Australian speedway rider

Harold Frank Milton Arthur (12 December 1908 in Lismore, New South Wales – 11 September 1972 in Sydney) was a former international motorcycle speedway rider who won the first Star Riders' Championship, the forerunner of the Speedway World Championship, in 1929. He earned 15 international caps for the Australia national speedway team.

==Career==
Arthur born in Lismore, New South Wales started work as a farm hand before taking up speedway. He first had success in Australia, winning the Golden Helmet there in 1927. He was one of the pioneers of speedway in the UK. He brought Max Grosskreutz over from Australia in 1929 and supplied Dicky Case and Ray Tauser with machines and support for fifty percent of their earnings. Arthur was considered to have the fastest bikes in British speedway in those early years.
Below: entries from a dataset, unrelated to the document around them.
(* Let $x\cdot y$ be a PA-structure on $(\mathfrak{g},\mathfrak{n})$, where $\mathfrak{g}$ is abelian and $\mathfrak{n}$ is a Heisenberg Lie algebra of dimension $n\ge5$. Then $Z(\mathfrak{n})\cdot\mathfrak{n}=\mathfrak{n}\cdot Z(\mathfrak{n})=0$, and $x\circ y=\frac12(x\cdot y+y\cdot x)$ defines a CPA-structure on $\mathfrak{n}$.
   Context: Let $K$ be a field of characteristic zero and $V$ a finite-dimensional vector space over $K$. Let $\mathfrak{g}=(V,[\,,])$ and $\mathfrak{n}=(V,\{\,,\})$ be two Lie algebra structures on $V$. A post-Lie algebra structure (PA-structure) on the pair $(\mathfrak{g},\mathfrak{n})$ is a $K$-bilinear product $x\cdot y$ on $V$ satisfying, for all $x,y,z\in V$: (i) $x\cdot y-y\cdot x=[x,y]-\{x,y\}$; (ii) $[x,y]\cdot z=x\cdot(y\cdot z)-y\cdot(x\cdot z)$; (iii) $x\cdot\{y,z\}=\{x\cdot y,z\}+\{y,x\cdot z\}$. The Heisenberg Lie algebra of dimension $2m+1$ has a basis $e_1,\dots,e_m,f_1,\dots,f_m,z$ with nonzero brackets $\{e_i,f_i\}=z$ ($1\le i\le m$). $Z(\mathfrak{n})$ is the center. A commutative post-Lie algebra structure (CPA-structure) on $\mathfrak{n}=(V,\{\,,\})$ is a bilinear product $x\circ y$ on $V$ with $x\circ y=y\circ x$, $\{x,y\}\circ z=x\circ(y\circ z)-y\circ(x\circ z)$, and $x\circ\{y,z\}=\{x\circ y,z\}+\{y,x\circ z\}$ for all $x,y,z$. *)

From HB Require Import structures.
From mathcomp Require Import all_boot all_order all_algebra.
Set Implicit Arguments. Unset Strict Implicit. Unset Printing Implicit Defensive.
Import GRing.Theory.
Local Open Scope ring_scope.

Section PostLie.
Variables (K : fieldType) (V : vectType K).

Definition bilinear_prod (p : V -> V -> V) : Prop :=
  (forall (a : K) (x y z : V), p (a *: x + y) z = a *: p x z + p y z) /\
  (forall (a : K) (x y z : V), p x (a *: y + z) = a *: p x y + p x z).

Definition is_lie (br : V -> V -> V) : Prop :=
  [/\ bilinear_prod br,
      (forall x, br x x = 0) &
      (forall x y z, br x (br y z) + br y (br z x) + br z (br x y) = 0)].

Definition is_abelian (br : V -> V -> V) : Prop := forall x y, br x y = 0.

Definition in_center (br : V -> V -> V) (c : V) : Prop := forall y, br c y = 0.

Definition heisenberg_basis (br : V -> V -> V) (m : nat)
    (e f : 'I_m -> V) (z : V) : Prop :=
  [/\ basis_of fullv ([seq e i | i <- enum (ordinal m)] ++ [seq f i | i <- enum (ordinal m)] ++ [:: z]),
      (forall i j, br (e i) (f j) = if i == j then z else 0),
      (forall i j, br (e i) (e j) = 0),
      (forall i j, br (f i) (f j) = 0) &
      (forall i, br (e i) z = 0 /\ br (f i) z = 0)].

Definition is_heisenberg (br : V -> V -> V) : Prop :=
  is_lie br /\ exists m (e f : 'I_m -> V) (z : V), @heisenberg_basis br m e f z.

Definition is_PA (gbr nbr p : V -> V -> V) : Prop :=
  [/\ bilinear_prod p,
      (forall x y, p x y - p y x = gbr x y - nbr x y),
      (forall x y z, p (gbr x y) z = p x (p y z) - p y (p x z)) &
      (forall x y z, p x (nbr y z) = nbr (p x y) z + nbr y (p x z))].

Definition is_CPA (nbr c : V -> V -> V) : Prop :=
  [/\ bilinear_prod c,
      (forall x y, c x y = c y x),
      (forall x y z, c (nbr x y) z = c x (c y z) - c y (c x z)) &
      (forall x y z, c x (nbr y z) = nbr (c x y) z + nbr y (c x z))].

End PostLie.

From HB Require Import structures.
From mathcomp Require Import all_boot all_order all_algebra.
From mathcomp Require Import zify.

(* As g is abelian, axiom (i) reads y.x = x.y + {x, y}.  Summing axiom (iii)
   cyclically and using that n is 2-step nilpotent gives
   x.{y, w} + y.{w, x} + w.{x, y} = 0; for (y, w) = (e_j, f_j) and x a basis
   vector other than e_j, f_j (possible as dim n >= 5) this says x.z = 0.
   Hence n.Z(n) = Z(n).n = 0 because Z(n) = Kz, so all products with brackets
   vanish.  Then x o y = x.y + {x, y}/2, and the CPA axioms for o reduce to
   the PA axioms for the product. *)
Set Implicit Arguments. Unset Strict Implicit. Unset Printing Implicit Defensive.
Import GRing.Theory.
Local Open Scope ring_scope.

Section Bilinear.
Variables (K : fieldType) (V : vectType K) (p : V -> V -> V).
Hypothesis hp : bilinear_prod p.

Lemma bilin_linearl z : linear (p ^~ z).
Proof. by move=> a x y; case: hp => + _; apply. Qed.

Lemma bilin_linearr x : linear (p x).
Proof. by move=> a y z; case: hp => _; apply. Qed.

Lemma bilinDl x y z : p (x + y) z = p x z + p y z.
Proof. exact: (GRing.semilinear_linear (bilin_linearl z)).2. Qed.

Lemma bilinDr x y z : p x (y + z) = p x y + p x z.
Proof. exact: (GRing.semilinear_linear (bilin_linearr x)).2. Qed.

Lemma bilinZl a x z : p (a *: x) z = a *: p x z.
Proof. exact: (GRing.scalable_linear (bilin_linearl z)). Qed.

Lemma bilinZr a x y : p x (a *: y) = a *: p x y.
Proof. exact: (GRing.scalable_linear (bilin_linearr x)). Qed.

Lemma bilin0l z : p 0 z = 0.
Proof. by rewrite -[X in p X z](scale0r 0) bilinZl scale0r. Qed.

Lemma bilin0r x : p x 0 = 0.
Proof. by rewrite -[X in p x X](scale0r 0) bilinZr scale0r. Qed.

Lemma bilinNl x z : p (- x) z = - p x z.
Proof. by rewrite -scaleN1r bilinZl scaleN1r. Qed.

Lemma bilin_suml (I : Type) (r : seq I) (P : pred I) (F : I -> V) z :
  p (\sum_(i <- r | P i) F i) z = \sum_(i <- r | P i) p (F i) z.
Proof. exact: (big_morph (p ^~ z) (fun x y => bilinDl x y z) (bilin0l z)). Qed.

End Bilinear.

Lemma lie_skew (K : fieldType) (V : vectType K) (br : V -> V -> V) :
  is_lie br -> forall x y, br y x = - br x y.
Proof.
case=> hb h0 _ x y; apply/eqP; rewrite -addr_eq0 addrC.
by have := h0 (x + y); rewrite (bilinDl hb) !(bilinDr hb) !h0 add0r addr0 => ->.
Qed.

Lemma linear_span_eq0 (K : fieldType) (V : vectType K) (F : V -> V) (X : seq V) :
  linear F -> {in X, forall x, F x = 0} -> forall v, v \in <<X>>%VS -> F v = 0.
Proof.
move=> hF hX v /(@coord_span _ _ _ (in_tuple X)) ->.
have FZ a u : F (a *: u) = a *: F u := GRing.scalable_linear hF a u.
have FD : {morph F : x y / x + y} := (GRing.semilinear_linear hF).2.
have F0 : F 0 = 0 by rewrite -[X in F X](scale0r (0 : V)) FZ scale0r.
rewrite (big_morph F FD F0) big1 // => i _.
by rewrite FZ hX ?scaler0 // mem_nth.
Qed.

Lemma exists_ord_neq m (i : 'I_m) : (1 < m)%N -> exists j : 'I_m, j != i.
Proof.
rewrite -[m in (1 < m)%N]card_ord => /card_gt1P [x [y [_ _ xy]]].
by have [<-|] := eqVneq x i; [exists y; rewrite eq_sym | exists x].
Qed.

Lemma span_fam_coef (K : fieldType) (V : vectType K) m (u : 'I_m -> V) w :
  w \in <<[seq u i | i <- enum 'I_m]>>%VS -> exists c : 'I_m -> K, w = \sum_i c i *: u i.
Proof.
rewrite span_def big_map big_enum /= => /memv_sumP [ws hws ->].
have /fin_all_exists [c hc] i : exists k, ws i = k *: u i by apply/vlineP/hws.
by exists c; apply: eq_bigr.
Qed.

Definition nilpotent2 (K : fieldType) (V : vectType K) (br : V -> V -> V) :=
  forall a b w, br (br a b) w = 0.

Section Heisenberg.
Variables (K : fieldType) (V : vectType K) (br : V -> V -> V).
Variables (m : nat) (e f : 'I_m -> V) (z : V).
Hypotheses (hl : is_lie br) (hH : heisenberg_basis br e f z).

Let hb : bilinear_prod br. Proof. by case: hl. Qed.
Let skew := lie_skew hl.

Let hbasis := let: And5 h _ _ _ _ := hH in h.

Lemma heisenberg_dim : \dim (fullv : {vspace V}) = (m + m).+1.
Proof.
rewrite (size_basis (X := in_tuple _) hbasis) /= !size_cat !size_map.
by rewrite -enumT size_enum_ord addn1 addnS.
Qed.

Lemma heisenberg_linear_eq0 (F : V -> V) : linear F ->
  (forall i, F (e i) = 0) -> (forall i, F (f i) = 0) -> F z = 0 ->
  forall v, F v = 0.
Proof.
move=> hF he hf hz v; move: (memvf v); rewrite -(span_basis hbasis).
apply: (linear_span_eq0 hF) => x; rewrite !mem_cat mem_seq1.
by case/or3P => [/mapP [i _ ->] | /mapP [i _ ->] | /eqP ->].
Qed.

Lemma heisenberg_decomp v : exists (a b : 'I_m -> K) (g : K),
  v = \sum_i a i *: e i + \sum_i b i *: f i + g *: z.
Proof.
move: (memvf v); rewrite -(span_basis hbasis) !span_cat span_seq1.
case/memv_addP => u1 /span_fam_coef [a ->] [w /memv_addP [u2 /span_fam_coef [b ->]]].
by case=> [u3 /vlineP [g ->] ->] ->; exists a, b, g; rewrite addrA.
Qed.

Lemma heisenberg_br_xz x : br x z = 0.
Proof.
case: hH => _ _ _ _ hz; case: hl => _ h0 _; move: x.
by apply: (heisenberg_linear_eq0 (bilin_linearl hb z)) => [i|i|]; [case: (hz i)..|].
Qed.

Lemma heisenberg_br_zx x : br z x = 0.
Proof. by rewrite skew heisenberg_br_xz oppr0. Qed.

Lemma heisenberg_nilpotent2 : nilpotent2 br.
Proof.
case: hH => _ hef hee hff _ a b w; move: a.
apply: heisenberg_linear_eq0 => [k u v|i|i|];
  rewrite ?heisenberg_br_zx ?(bilin0l hb) //.
- by rewrite (bilinDl hb) (bilinZl hb) (bilinDl hb) (bilinZl hb).
- move: b; apply: heisenberg_linear_eq0 => [k u v|j|j|].
  + by rewrite (bilinDr hb) (bilinZr hb) (bilinDl hb) (bilinZl hb).
  + by rewrite hee (bilin0l hb).
  + by rewrite hef; case: eqP => _; rewrite ?heisenberg_br_zx ?(bilin0l hb).
  + by rewrite heisenberg_br_xz (bilin0l hb).
- move: b; apply: heisenberg_linear_eq0 => [k u v|j|j|].
  + by rewrite (bilinDr hb) (bilinZr hb) (bilinDl hb) (bilinZl hb).
  + rewrite (skew (e j)) hef (bilinNl hb).
    by case: eqP => _; rewrite ?heisenberg_br_zx ?(bilin0l hb) oppr0.
  + by rewrite hff (bilin0l hb).
  + by rewrite heisenberg_br_xz (bilin0l hb).
Qed.

Lemma heisenberg_centerP c : in_center br c -> exists g, c = g *: z.
Proof.
case: hH => _ hef hee hff _ hc; have [a [b [g dc]]] := heisenberg_decomp c.
exists g; have z0 : z != 0.
  by apply: (basis_not0 hbasis); rewrite !mem_cat mem_seq1 eqxx !orbT.
have sum_delta (k : 'I_m -> K) j :
    \sum_i k i *: (if i == j then z else 0) = k j *: z.
  by rewrite (bigD1 j) //= eqxx big1 ?addr0 // => i /negPf ->; rewrite scaler0.
have coef0 k : k *: z = 0 -> k = 0.
  by move/eqP; rewrite scaler_eq0 (negPf z0) orbF => /eqP.
have a0 j : a j = 0.
  apply: coef0; rewrite -(hc (f j)) dc !(bilinDl hb) (bilinZl hb) heisenberg_br_zx.
  rewrite scaler0 addr0 !(bilin_suml hb) [X in _ + X]big1 ?addr0; last first.
    by move=> i _; rewrite (bilinZl hb) hff scaler0.
  by rewrite -sum_delta; apply: eq_bigr => i _; rewrite (bilinZl hb) hef.
have b0 j : b j = 0.
  apply: coef0; apply: oppr_inj; rewrite oppr0 -(hc (e j)) dc.
  rewrite !(bilinDl hb) (bilinZl hb) heisenberg_br_zx scaler0 addr0.
  rewrite !(bilin_suml hb) big1 ?add0r; last first.
    by move=> i _; rewrite (bilinZl hb) hee scaler0.
  rewrite -sum_delta -sumrN; apply: eq_bigr => i _.
  by rewrite (bilinZl hb) skew hef eq_sym scalerN.
by rewrite dc !big1 ?add0r // => i _; rewrite ?a0 ?b0 scale0r.
Qed.

End Heisenberg.

Section AbelianPostLie.
Variables (K : fieldType) (V : vectType K) (gbr nbr p : V -> V -> V).
Hypotheses (hl : is_lie nbr) (hgab : is_abelian gbr) (hp : is_PA gbr nbr p).

Let hb : bilinear_prod nbr. Proof. by case: hl. Qed.
Let hpb : bilinear_prod p. Proof. by case: hp. Qed.
Let skew := lie_skew hl.

Lemma PA_abelian_swap x y : p y x = p x y + nbr x y.
Proof.
case: hp => _ hc _ _; have := hc x y; rewrite hgab sub0r => hxy.
by rewrite -[nbr x y]opprK -hxy opprB addrC subrK.
Qed.

Lemma PA_abelian_lmulC x y w : p x (p y w) = p y (p x w).
Proof.
case: hp => _ _ hassoc _; apply/eqP; rewrite -subr_eq0 -hassoc.
by rewrite hgab (bilin0l hpb).
Qed.

Hypothesis hn2 : nilpotent2 nbr.

Let nbr_nbr_r a b w : nbr w (nbr a b) = 0.
Proof. by rewrite skew hn2 oppr0. Qed.

Lemma PA_abelian_cyclic x y w :
  p x (nbr y w) + p y (nbr w x) + p w (nbr x y) = 0.
Proof.
case: hp => _ _ _ hder; rewrite !hder.
rewrite (PA_abelian_swap x y) (PA_abelian_swap y w) (PA_abelian_swap w x).
rewrite !(bilinDr hb) !nbr_nbr_r !addr0.
rewrite (skew (p x y) w) (skew (p w x) y) (skew (p y w) x).
by rewrite addrAC !subrKA subrr.
Qed.

Hypotheses (hpl : forall a b y, p (nbr a b) y = 0) (hpr : forall a b y, p y (nbr a b) = 0).

Lemma PA_abelian_nbr_lmulC x y w : nbr x (p y w) = nbr y (p x w).
Proof.
case: hp => _ _ _ hder; have := hder w x y.
rewrite hpr (PA_abelian_swap x w) (PA_abelian_swap y w) (bilinDl hb) (bilinDr hb).
rewrite hn2 nbr_nbr_r !addr0 (skew (p x w) y) => /esym/eqP.
by rewrite addrC addr_eq0 => /eqP.
Qed.

Lemma PA_abelian_sym_CPA : (2%:R : K) != 0 ->
  is_CPA nbr (fun x y => 2%:R^-1 *: (p x y + p y x)).
Proof.
move=> two; case: hp => _ _ _ hder.
have symE x y : 2%:R^-1 *: (p x y + p y x) = p x y + 2%:R^-1 *: nbr x y.
  rewrite (PA_abelian_swap x y) addrA scalerDr -mulr2n -scaler_nat scalerA mulVf //.
  by rewrite scale1r.
split.
- split=> k x y w; rewrite !symE.
  + by rewrite hpb.1 hb.1 !scalerDr !scalerA mulrC addrACA.
  + by rewrite hpb.2 hb.2 !scalerDr !scalerA mulrC addrACA.
- by move=> x y; rewrite addrC.
- move=> x y w; rewrite !symE hpl hn2 scaler0 addr0.
  rewrite !(bilinDr hpb) !(bilinZr hpb) !(bilinDr hb) !(bilinZr hb).
  by rewrite !nbr_nbr_r !hpr !scaler0 !addr0 PA_abelian_lmulC PA_abelian_nbr_lmulC subrr.
- move=> x y w; rewrite !symE !(bilinDl hb) !(bilinDr hb) !(bilinZl hb) !(bilinZr hb).
  by rewrite !hn2 !nbr_nbr_r !hpr !scaler0 !addr0 -hder hpr.
Qed.

End AbelianPostLie.

Section HeisenbergPostLie.
Variables (K : fieldType) (V : vectType K) (gbr nbr p : V -> V -> V).
Variables (m : nat) (e f : 'I_m -> V) (z : V).
Hypotheses (hl : is_lie nbr) (hgab : is_abelian gbr) (hp : is_PA gbr nbr p).
Hypotheses (hH : heisenberg_basis nbr e f z) (hm : (1 < m)%N).

Let hpb : bilinear_prod p. Proof. by case: hp. Qed.

(* In the cyclic identity for (x, e_j, f_j), with x a basis vector other than
   e_j and f_j, only the term x.{e_j, f_j} = x.z survives; here m >= 2. *)
Lemma PA_heisenberg_rmul_z x : p x z = 0.
Proof.
have cyc := PA_abelian_cyclic hl hgab hp (heisenberg_nilpotent2 hl hH).
have skew := lie_skew hl.
case: hH => _ hef hee hff _; move: x.
apply: (heisenberg_linear_eq0 hH (bilin_linearl hpb z)) => [i|i|].
- have [j ji] := exists_ord_neq i hm; have := cyc (e i) (e j) (f j).
  by rewrite hef eqxx (skew (e i)) hef eq_sym (negPf ji) oppr0 hee !(bilin0r hpb) !addr0.
- have [j ji] := exists_ord_neq i hm; have := cyc (f i) (e j) (f j).
  by rewrite hef eqxx (skew (e j)) hef (negPf ji) oppr0 hff !(bilin0r hpb) !addr0.
- have j : 'I_m := Ordinal hm; have := cyc z (e j) (f j).
  rewrite hef eqxx (heisenberg_br_xz hl hH) (heisenberg_br_zx hl hH).
  by rewrite !(bilin0r hpb) !addr0.
Qed.

Lemma PA_heisenberg_center c y : in_center nbr c -> p c y = 0 /\ p y c = 0.
Proof.
move=> /(heisenberg_centerP hl hH) [g ->].
rewrite (bilinZl hpb) (bilinZr hpb) (PA_abelian_swap hgab hp).
by rewrite !PA_heisenberg_rmul_z (heisenberg_br_xz hl hH) addr0 scaler0.
Qed.

End HeisenbergPostLie.

Theorem proposition4p11 (K : fieldType) (V : vectType K)
    (charK : [pchar K] =i pred0)
    (gbr nbr p : V -> V -> V)
    (hg : is_lie gbr) (hgab : is_abelian gbr)
    (hn : is_heisenberg nbr) (hdim : (5 <= \dim (fullv : {vspace V}))%N)
    (hp : is_PA gbr nbr p) :
  (forall c y, in_center nbr c -> p c y = 0 /\ p y c = 0) /\
  is_CPA nbr (fun x y => 2%:R^-1 *: (p x y + p y x)).
Proof.
case: hn => hl [m [e [f [z hH]]]].
have hm : (1 < m)%N by move: hdim; rewrite (heisenberg_dim hH); lia.
have center := PA_heisenberg_center hl hgab hp hH hm.
have hn2 := heisenberg_nilpotent2 hl hH.
have brbr_central a b : in_center nbr (nbr a b) by move=> w; apply: hn2.
split=> //; apply: (PA_abelian_sym_CPA hl hgab hp hn2).
- by move=> a b y; case: (center _ y (brbr_central a b)).
- by move=> a b y; case: (center _ y (brbr_central a b)).
- by move/pcharf0P: charK => ->.
Qed.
Arthur rode for the Stamford Bridge Pensioners from 1930 until their closure in 1932. He returned to the UK in 1934 to ride again for the Harringay Tigers. He also represented Australia in test matches against England from 1930 to 1934.

Arthur promoted speedway in the United States, and he was also involved in the business side of the sport in Australia, where he helped Max Grosskreutz to start his career. He promoted at Sydney Royale before losing the lease in 1938. He solved this problem by building the speedway track at the Sydney Sports Ground next door. He also ran midget car circuits in Australia.

Arthur died of a heart attack in Sydney on 11 September 1972.

In 2007, Arthur was one of the inaugural ten inductees into the Australian Speedway Hall of Fame.